IMPORTANT: If your analysis encountered any issue, its status will not be “Completed”, but rather will be “Warning”. If this happens, contact ous at support@4bases.ch to find the cause of the issue and its possible solution.

Once completed, the analysis will show a folder for each sample in the “Results” sections, just below the fastq.gz files area. 

Figure 16: sample folders

You can access any folder by clicking on it.

3.3 Files present in a Somatic analysis

In the folder of the Normal samples, you will find the same output files that are present in the Germinal analyses (you can find the tutorial here). In addition, the CNV folder will contain a CSV file in the same format explained in the Germinal analysis tutorial.
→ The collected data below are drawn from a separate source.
(* A finite simple graph $G$ is a linear forest (a disjoint union of paths) if and only if it admits an $LF$-free circular ordering.
   Context: A circular ordering of a finite set is obtained by placing its elements at distinct points of a circle. A circularly ordered graph is a graph with a circular ordering of its vertices; isomorphism means a graph isomorphism preserving circular orderings; induced circularly ordered subgraphs are induced subgraphs with the restricted ordering. A circular ordering $C$ of $V(G)$ is $LF$-free if no induced circularly ordered subgraph of $(G,C)$ is isomorphic to a member of $LF$. $LF$ consists of the following circularly ordered graphs (vertices $v_1,v_2,\dots$ clockwise in this order; the listed edges are all edges): the triangle on $v_1,v_2,v_3$; on $v_1,\dots,v_4$: edges $v_1v_2,v_2v_3,v_3v_4,v_4v_1$ (simple $C_4$); edges $v_1v_2,v_2v_4,v_4v_3,v_3v_1$ (the other circular ordering of $C_4$); edges $v_1v_2,v_2v_3,v_3v_4$ (simple $P_4$); edges $v_3v_1,v_1v_4,v_4v_2$ (crossed $P_4$); edges $v_3v_1,v_3v_2,v_3v_4$ (the claw). *)

From mathcomp Require Import all_boot.
Set Implicit Arguments. Unset Strict Implicit. Unset Printing Implicit Defensive.

(* A finite simple graph: vertex set a finType T, edge relation e : rel T,
   assumed symmetric and irreflexive (hypotheses of the theorem). *)

Definition path_adj (T : eqType) (p : seq T) (x y : T) : bool :=
  ((x, y) \in zip p (behead p)) || ((y, x) \in zip p (behead p)).

Definition linear_forest (T : finType) (e : rel T) : Prop :=
  exists ps : seq (seq T),
    [/\ uniq (flatten ps),
        (forall x : T, x \in flatten ps) &
        (forall x y : T, e x y = has (fun p => path_adj p x y) ps)].

(* A circular ordering of T: the vertices listed once each, read clockwise
   around the circle (the sequence is considered up to rotation). *)
Definition circular_ordering (T : finType) (s : seq T) : Prop :=
  uniq s /\ forall x : T, x \in s.

Definition clockwise (T : finType) (s : seq T) (k : nat) (f : 'I_k -> T) : bool :=
  [exists r : 'I_k.+1, sorted ltn (rot r [seq index (f i) s | i <- enum 'I_k])].

(* Circularly ordered patterns: k vertices v_0..v_{k-1} clockwise, and the
   list of edges (0-indexed). *)
Record pattern := Pattern { pat_size : nat; pat_edges : seq (nat * nat) }.

Definition pat_edge (P : pattern) (i j : nat) : bool :=
  ((i, j) \in pat_edges P) || ((j, i) \in pat_edges P).

Definition contains_pattern (T : finType) (e : rel T) (s : seq T) (P : pattern) : Prop :=
  exists f : 'I_(pat_size P) -> T,
    clockwise s f /\
    forall i j : 'I_(pat_size P), e (f i) (f j) = pat_edge P i j.

(* The family LF (vertices v1,...,vk renamed 0,...,k-1). *)
Definition LF : seq pattern :=
  [:: Pattern 3 [:: (0,1); (1,2); (0,2)]
    ; Pattern 4 [:: (0,1); (1,2); (2,3); (3,0)]
    ; Pattern 4 [:: (0,1); (1,3); (3,2); (2,0)]
    ; Pattern 4 [:: (0,1); (1,2); (2,3)]
    ; Pattern 4 [:: (2,0); (0,3); (3,1)]
    ; Pattern 4 [:: (2,0); (2,1); (2,3)] ]%N.

Definition LF_free (T : finType) (e : rel T) (s : seq T) : Prop :=
  forall i : nat, i < size LF -> ~ contains_pattern e s (nth (Pattern 0 [::]) LF i).

(* For a circular ordering, being LF-free amounts to four conditions: no
   triangle, no 4-cycle, maximum degree 2, and, for every path a-b-c-d, the
   chord bc separates a from d on the circle ([LF_freeP]).  A linear forest
   meets them when each path x_0 ... x_{n-1} is laid out as
   x_0, x_2, x_4, ..., x_5, x_3, x_1, which turns its edges into parallel
   chords.  Conversely, in any nonempty vertex set, an edge whose clockwise
   arc contains the fewest vertices has an endpoint with no other neighbour
   in the set: otherwise the separation condition produces an edge with a
   shorter arc.  Peeling off such vertices one at a time, each is appended
   to the path containing its unique neighbour, which is an endpoint of that
   path because degrees are at most 2. *)

From mathcomp Require Import all_boot zify.
Set Implicit Arguments. Unset Strict Implicit. Unset Printing Implicit Defensive.

Definition cyclically_sorted (l : seq nat) : bool :=
  has (fun r => sorted ltn (rot r l)) (iota 0 (size l).+1).

Ltac cyclic_lia := rewrite /cyclically_sorted /=; lia.

Lemma cyclic3_cases (a b c : nat) :
  uniq [:: a; b; c] ->
  cyclically_sorted [:: a; b; c] || cyclically_sorted [:: a; c; b].
Proof. by rewrite /= !inE /cyclically_sorted /=; lia. Qed.

Lemma cyclic3_insert (a b c d : nat) :
  cyclically_sorted [:: a; b; c] -> d \notin [:: a; b; c] ->
  [|| cyclically_sorted [:: a; b; c; d], cyclically_sorted [:: a; b; d; c]
    | cyclically_sorted [:: a; d; b; c]].
Proof.
rewrite !inE /cyclically_sorted /= => abc dabc.
by case: (ltngtP a d) => ?; case: (ltngtP b d) => ?; case: (ltngtP c d) => ?; lia.
Qed.

Lemma cyclic4_cases (a b c d : nat) :
  uniq [:: a; b; c; d] ->
  [|| cyclically_sorted [:: a; b; c; d], cyclically_sorted [:: a; b; d; c],
      cyclically_sorted [:: a; d; b; c], cyclically_sorted [:: a; c; b; d],
      cyclically_sorted [:: a; c; d; b] | cyclically_sorted [:: a; d; c; b]].
Proof.
rewrite [uniq _]/= !inE => abcd.
have dabc : d \notin [:: a; b; c] by rewrite !inE; lia.
have dacb : d \notin [:: a; c; b] by rewrite !inE; lia.
have : cyclically_sorted [:: a; b; c] || cyclically_sorted [:: a; c; b].
  by apply: cyclic3_cases; rewrite /= !inE; lia.
by case/orP => /cyclic3_insert; [move/(_ d dabc) | move/(_ d dacb)]
  => /or3P[] ->; rewrite ?orbT.
Qed.

Lemma cyclic4_rot (a b c d : nat) :
  cyclically_sorted [:: b; c; d; a] = cyclically_sorted [:: a; b; c; d].
Proof.
by rewrite /cyclically_sorted /=; case: (a < b); case: (b < c); case: (c < d); case: (d < a).
Qed.

Section Patterns.
Variables (T : finType) (e : rel T) (s : seq T).
Local Notation idx x := (index x s).

Definition induces (vs : seq T) (P : pattern) : Prop :=
  forall x0 i j, i < pat_size P -> j < pat_size P ->
    e (nth x0 vs i) (nth x0 vs j) = pat_edge P i j.

Lemma contains_patternP (P : pattern) :
  contains_pattern e s P <->
  exists2 vs : seq T, size vs = pat_size P &
    cyclically_sorted [seq idx v | v <- vs] /\ induces vs P.
Proof.
have cwE k (f : 'I_k -> T) : clockwise s f = cyclically_sorted [seq idx (f i) | i <- enum 'I_k].
  rewrite /cyclically_sorted size_map size_enum_ord; apply/existsP/hasP => [[r Hr]|[r]].
    by exists (val r); rewrite ?mem_iota /=.
  by rewrite mem_iota => /= Hr ?; exists (Ordinal Hr).
split=> [[f [cw Hf]] | [vs Hsize [cw Hvs]]].
  pose vs := [seq f i | i <- enum 'I_(pat_size P)].
  have nth_vs x0 i (Hi : i < pat_size P) : nth x0 vs i = f (Ordinal Hi).
    rewrite (nth_map (Ordinal Hi)) ?size_enum_ord //; congr f.
    by apply: val_inj; rewrite /= nth_enum_ord.
  exists vs; first by rewrite size_map size_enum_ord.
  split=> [|x0 i j Hi Hj]; first by rewrite -map_comp -cwE.
  by rewrite (nth_vs x0 i Hi) (nth_vs x0 j Hj) Hf.
have /eqP Hsize' := Hsize; pose t := Tuple Hsize'.
exists (tnth t); split.
  by rewrite cwE (map_comp (index^~ s) (tnth t)) map_tnth_enum.
by move=> i j; rewrite (tnth_nth (tnth t i) t i) (tnth_nth (tnth t i) t j); apply: Hvs.
Qed.
End Patterns.

Definition triangle_free (T : Type) (e : rel T) : Prop :=
  forall a b c, e a b -> e b c -> e c a -> False.

Definition square_free (T : eqType) (e : rel T) : Prop :=
  forall a b c d, a != c -> b != d -> e a b -> e b c -> e c d -> e d a -> False.

Definition max_degree2 (T : eqType) (e : rel T) : Prop :=
  forall x y1 y2 y3, y1 != y2 -> y1 != y3 -> y2 != y3 ->
    e x y1 -> e x y2 -> e x y3 -> False.

(* The middle edge [bc] of every path [a-b-c-d], seen as a chord of the
   circle, separates [a] from [d]. *)
Definition P4_separated (T : eqType) (e : rel T) (s : seq T) : Prop :=
  forall a b c d, a != c -> b != d -> e a b -> e b c -> e c d ->
    cyclically_sorted [:: index b s; index a s; index c s]
      != cyclically_sorted [:: index b s; index d s; index c s].

Section LFFree.
Variables (T : finType) (e : rel T) (s : seq T).
Hypotheses (e_sym : symmetric e) (e_irr : irreflexive e).
Hypothesis s_circ : circular_ordering s.
Local Notation idx x := (index x s).

Lemma edge_neq x y : e x y -> x != y.
Proof. by apply: contraTneq => ->; rewrite e_irr. Qed.

Lemma index_neq x y : x != y -> idx x != idx y.
Proof. by case: s_circ => _ sT; apply: contra => /eqP/index_inj ->. Qed.

Ltac solve_induces :=
  move=> ? [|[|[|[|?]]]] [|[|[|[|?]]]] //= _ _;
  (* [simpl] does not decide [pat_edge] on numerals; [compute] does. *)
  match goal with |- _ = ?b => let b' := eval compute in b in change b with b' end;
  match goal with
  | |- e ?x ?x = _ => exact: e_irr
  | |- _ = true => first [assumption | by rewrite e_sym]
  | |- _ = false => apply/negbTE; first [assumption | by rewrite e_sym]
  end.

Section FromLFFree.
Hypothesis s_free : LF_free e s.

Lemma forbidden i vs :
  i < size LF -> size vs = pat_size (nth (Pattern 0 [::]) LF i) ->
  cyclically_sorted [seq idx v | v <- vs] ->
  induces e vs (nth (Pattern 0 [::]) LF i) -> False.
Proof. by move=> Hi Hsize cw Hvs; apply: (s_free Hi); apply/contains_patternP; exists vs. Qed.

Ltac rotate ord :=
  first [ exact: ord | rewrite cyclic4_rot; exact: ord
        | rewrite 2!cyclic4_rot; exact: ord | rewrite 3!cyclic4_rot; exact: ord ].

Ltac forbid i vs ord :=
  exfalso; apply: (@forbidden i vs) => //; first [solve_induces | rotate ord].

Lemma LF_free_triangle_free : triangle_free e.
Proof.
move=> a b c eab ebc eca.
have ac : a != c by rewrite eq_sym edge_neq.
have : uniq [:: idx a; idx b; idx c].
  by rewrite /= !inE !negb_or !index_neq //; apply: edge_neq.
case/cyclic3_cases/orP => ord; [forbid 0 [:: a; b; c] ord | forbid 0 [:: a; c; b] ord].
Qed.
In the Tumor samples folders, the result files are:

  • The Tumor BAM file (named {SAMPLE_NAME}_tum.bam).
  • The BAI file associated to the BAM (named {SAMPLE_NAME}_tum.bam.bai).
  • The somatic VCF file (named {SAMPLE_NAME}.vcf), that contains the somatic SNVs found in the sample.
  • The Excel of the annotation (named {SAMPLE_NAME}_filter.xlsx). It is similar to the Germinal Excel file.
  • The coverage folder, containing the coverage CSV file.
  • The HRD folder (“HRD_analysis”) with a CSV file named “all_HRDresults.csv”, which contains the information of the HRD value regarding the tumoral sample.
  • The MAF (Mutation Annotation Format) folder (named {SAMPLE_NAME}_maf_output) which contains one MAF file. This file contains all the annotated somatic variants of the tumor sample.
 

Furthermore, in the results sections you will find a HTML report (with the name {TUMOR_NAME}_{NORMAL_NAME}.html). The html file will contain all the information present in the single files:

  • Tumor Coverage
  • Normal Coverage
  • Tumor Somatic SNVs
  • Normal Germinal SNVs
  • CNA, Copy Number Alterations of the Tumor
  • HRD-score. Homologous Recombination Deficiency.
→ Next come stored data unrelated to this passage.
Lemma is_proj_exists r (S : set 'cV[R]_r) x : closed S -> S !=set0 ->
  exists p, is_proj S x p.
Proof.
move=> cS [z Sz].
pose f y := sqnorm (x - y); pose K := S `&` [set y | f y <= f z].
pose B := \sum_k `|x k 0| + 1 + f z.
have K_box : K `<=` [set M : 'cV[R]_r | forall i j, `|M i j| <= B].
  move=> y [_ /= fy] i j; rewrite [j]ord1.
  have := sqr_entry_le_sqnorm (x - y) i; rewrite !mxE => xy.
  have := ler_term_sum i (fun k => normr_ge0 (x k 0)).
  have := norm_le_1_sqr (x i 0 - y i 0).
  have := ler_distD (x i 0) 0 (y i 0); rewrite !sub0r !normrN.
  rewrite /B /f in fy *; lra.
have Kc : compact K.
  apply: subclosed_compact K_box; last exact: box_compact.
  apply: closedI => //.
  have := (continuous_closedP _).1 (@continuous_sqnorm_sub r x) _ (@closed_le _ (f z)).
  by congr closed.
have K0 : K !=set0 by exists z; split => //=; rewrite /f lexx.
have [p Kp pmin] := compact_EVT_min K0 Kc
   (continuous_subspaceT (@continuous_sqnorm_sub r x)).
rewrite inE in Kp; case: Kp => Sp fp.
exists p; split => // y Sy.
case: (lerP (f y) (f z)) => fy; first by apply: pmin; rewrite inE.
exact: le_trans fp (ltW fy).
Qed.

Lemma eproj_is_proj r (S : set 'cV[R]_r) x : closed S -> S !=set0 ->
  is_proj S x (eproj S x).
Proof.
move=> cS S0; rewrite /eproj; case: xgetP => // /(_ _) no_proj.
by have [p /no_proj] := is_proj_exists x cS S0.
Qed.

Lemma compact_cluster (T : topologicalType) (K : set T) (S : R -> T) (g : R -> R) (c : R) :
  compact K -> (forall t, c <= t -> K (S t)) ->
  (forall e, 0 < e -> exists t, c <= t /\ g t < e) ->
  exists p : T, forall e U, 0 < e -> nbhs p U ->
    exists t, [/\ c <= t, g t < e & U (S t)].
Proof.
move=> Kc SK g_small.
pose F := filter_from [set e : R | 0 < e] (fun e => [set t | c <= t /\ g t < e]).
have F_filter : ProperFilter F.
  apply: filter_from_proper; last first.
    by move=> e /g_small [t ?]; exists t.
  apply: filter_from_filter; first by exists 1 => /=.
  move=> e1 e2 /= e10 e20; exists (Num.min e1 e2) => /=; first by rewrite lt_min e10.
  by move=> t [/= ct]; rewrite lt_min => /andP[g1 g2].
have FK : (S @ F) K by exists 1 => //= t [ct _]; exact: SK.
have [p [_ p_cluster]] := Kc _ _ FK.
exists p => e U e0 pU.
have [_ [[t [ct gt] <-] Ut]] := p_cluster (S @` [set t | c <= t /\ g t < e]) U
  (ex_intro2 _ _ e e0 (fun t Bt => ex_intro2 _ _ t Bt erefl)) pU.
by exists t.
Qed.

End Topology.

Section Calculus.
Variable R : realType.
Lemma cycle_length_not_six : n <> 6.
Proof.
  intros Hn6.
  destruct pendant_reroute as [u [Hu_w [Hu_3 Hu_4]]].
  replace (n - 3) with 3 in Hu_3 by lia. replace (n - 2) with 4 in Hu_4 by lia.
  remember (side (f 0)) as s0 eqn:Hs0.
  assert (Hside_f : forall i, i < 6 -> side (f i) = xorb (Nat.odd i) s0).
  { intros i Hi. subst s0. apply cycle_side. lia. }
  assert (Hside_w : side w = negb s0) by (subst s0; now apply adj_side).
  assert (Hside_u : side u = s0).
  { rewrite (adj_side w u), Hside_w by now apply adj_sym. now destruct s0. }
  assert (Hu_2 : u <> f 2).
  { intros E. rewrite E in Hu_w.
    exact (pendant_nonadj 2 ltac:(lia) ltac:(lia) (adj_sym _ _ Hu_w)). }
  assert (Hdeg_w : deg_gt2 w).
  { apply (deg_gt2_same_side (f 3)).
    - rewrite Hside_f, Hside_w by lia. reflexivity.
    - exists (f 2), (f 4), u. repeat split; auto using adj_sym; cycle_fact. }
  destruct (deg_gt2_neighbour_avoiding w (f 0) u Hdeg_w) as [z [Hz_w [Hz_0 Hz_u]]].
  assert (Hside_z : side z = s0) by (rewrite (adj_side w z), Hside_w by auto; now destruct s0).
  set (T := [w; f 4; f 5; f 2; f 1; f 0]).
  assert (HT : induced_connected adj T).
  { apply (induced_connected_cons _ (f 0)); [|simpl; tauto | now apply adj_sym].
    apply (induced_connected_cons _ (f 5)); [|simpl; tauto | cycle_fact].
    apply (induced_connected_cons _ (f 0)); [|simpl; tauto | cycle_fact].
    apply (induced_connected_cons _ (f 1)); [|simpl; tauto | cycle_fact].
    apply (induced_connected_cons _ (f 0)); [|simpl; tauto | cycle_fact].
    apply induced_connected_single. }
  (* [u] and [z] lie on the side of [f 0], [f 2], [f 4]; an edge to [f 1] or [f 5] closes a square. *)
  destruct (swap_pendants u z w T) as [g [Hg [Hgu HgT]]];
    [exact HT | now left | | | exact Hu_w | now apply adj_sym | | |].
  - intros [E|[E|[E|[E|[E|[E|[]]]]]]].
    + exact (adj_neq _ _ Hu_w (eq_sym E)).
    + exact (Hu_4 (eq_sym E)).
    + revert E. apply side_neq. rewrite Hside_f, Hside_u by lia. now destruct s0.
    + exact (Hu_2 (eq_sym E)).
    + revert E. apply side_neq. rewrite Hside_f, Hside_u by lia. now destruct s0.
    + rewrite <- E in Hu_3.
      destruct (cycle_chordless 0 3) as [?|[_ ?]]; auto; lia.
  - intros [E|[E|[E|[E|[E|[E|[]]]]]]].
    + exact (adj_neq _ _ Hz_w E).
    + rewrite <- E in Hz_w. exact (pendant_nonadj 4 ltac:(lia) ltac:(lia) Hz_w).
    + revert E. apply side_neq. rewrite Hside_f, Hside_z by lia. now destruct s0.
    + rewrite <- E in Hz_w. exact (pendant_nonadj 2 ltac:(lia) ltac:(lia) Hz_w).
    + revert E. apply side_neq. rewrite Hside_f, Hside_z by lia. now destruct s0.
    + exact (Hz_0 (eq_sym E)).
  - intros x [<-|[<-|[<-|[<-|[<-|[<-|[]]]]]]] Hx; try reflexivity; exfalso.
    + revert Hx. apply same_side_nadj. rewrite Hside_f, Hside_u by lia. now destruct s0.
    + exact (no_square u (f 5) (f 4) (f 3) Hx ltac:(cycle_fact) ltac:(cycle_fact)
               (adj_sym _ _ Hu_3) Hu_4 ltac:(cycle_fact)).
    + revert Hx. apply same_side_nadj. rewrite Hside_f, Hside_u by lia. now destruct s0.
    + exact (no_square u (f 1) (f 2) (f 3) Hx ltac:(cycle_fact) ltac:(cycle_fact)
               (adj_sym _ _ Hu_3) Hu_2 ltac:(cycle_fact)).
    + revert Hx. apply same_side_nadj. rewrite Hside_f, Hside_u by lia. now destruct s0.
  - intros x [<-|[<-|[<-|[<-|[<-|[<-|[]]]]]]] Hx; try reflexivity; exfalso.
    + revert Hx. apply same_side_nadj. rewrite Hside_f, Hside_z by lia. now destruct s0.
    + exact (no_square z (f 5) (f 0) w Hx ltac:(cycle_fact) w_adj Hz_w Hz_0
               (not_eq_sym (pendant_off_cycle 5 ltac:(lia)))).
    + revert Hx. apply same_side_nadj. rewrite Hside_f, Hside_z by lia. now destruct s0.
    + exact (no_square z (f 1) (f 0) w Hx ltac:(cycle_fact) w_adj Hz_w Hz_0
               (not_eq_sym w_neq_next)).
    + revert Hx. apply same_side_nadj. rewrite Hside_f, Hside_z by lia. now destruct s0.
  - assert (Hy_2 : adj (g (f 3)) (f 2)).
    { rewrite <- (HgT (f 2)) by (simpl; tauto). apply automorphism_adj; [exact Hg | cycle_fact]. }
    assert (Hy_4 : adj (g (f 3)) (f 4)).
    { rewrite <- (HgT (f 4)) by (simpl; tauto). apply automorphism_adj; [exact Hg | cycle_fact]. }
    assert (Hy_z : adj (g (f 3)) z).
    { rewrite <- Hgu. apply automorphism_adj; [exact Hg | now apply adj_sym]. }
    destruct (classic (g (f 3) = f 3)) as [Ey|Ny].
    + rewrite Ey in Hy_z.
      exact (no_square w u (f 3) z (adj_sym _ _ Hu_w) Hu_3 Hy_z (adj_sym _ _ Hz_w)
               (pendant_off_cycle 3 ltac:(lia)) (not_eq_sym Hz_u)).
    + exact (no_square (f 3) (f 2) (g (f 3)) (f 4) ltac:(cycle_fact) (adj_sym _ _ Hy_2) Hy_4
               ltac:(cycle_fact) (not_eq_sym Ny) ltac:(cycle_fact)).
Qed.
Figure 17: Report for sample

3.3.1 Somatic Annotation Excel

Figure 18: Annotation Excel

The annotation column are the same to the ones described in the Germinal analyses, except for one single extra column:

  • AMP: The AMP (American Association for Molecular Pathology) classification methodology is used for the interpretation and classification of somatic variants in cancer. The AMP classification system uses a Tier-based approach to categorize somatic variants into different levels of clinical significance: The Tier IV is the less severe and more likely to be benign, while and Tier I is the most severe situation.

3.3.2 HRD-score CSV

The HRD (Homologous Recombination Deficiency) score is a measure used in tumor analysis to assess the extent to which a tumor has defects in its ability to repair DNA through homologous recombination. It is composed of three measures:

  • Loss of Heterozygosity (LOH): LOH measures the extent of allelic imbalance or loss of one allele at certain genomic loci.
  • Telomeric Allelic Imbalance (TAI): TAI assesses allelic imbalances near the telomeres of chromosomes, which can be indicative of genomic instability.
  • Large-Scale State Transitions (LST): LST measures the number of large-scale transitions in copy number states across the genome.
 

In the csv file, you will find 5 columns: the sample name, the values of the previous three measures and the total HRD sum (Figure 19).

Figure 19: HRD-score CSV

3.3.3 MAF file

A somatic MAF file is a specific type of data file commonly used in cancer genomics and bioinformatics. It contains information about somatic mutations in cancer samples, including details about the genomic alterations present in tumor cells as compared to normal cells from the same individual.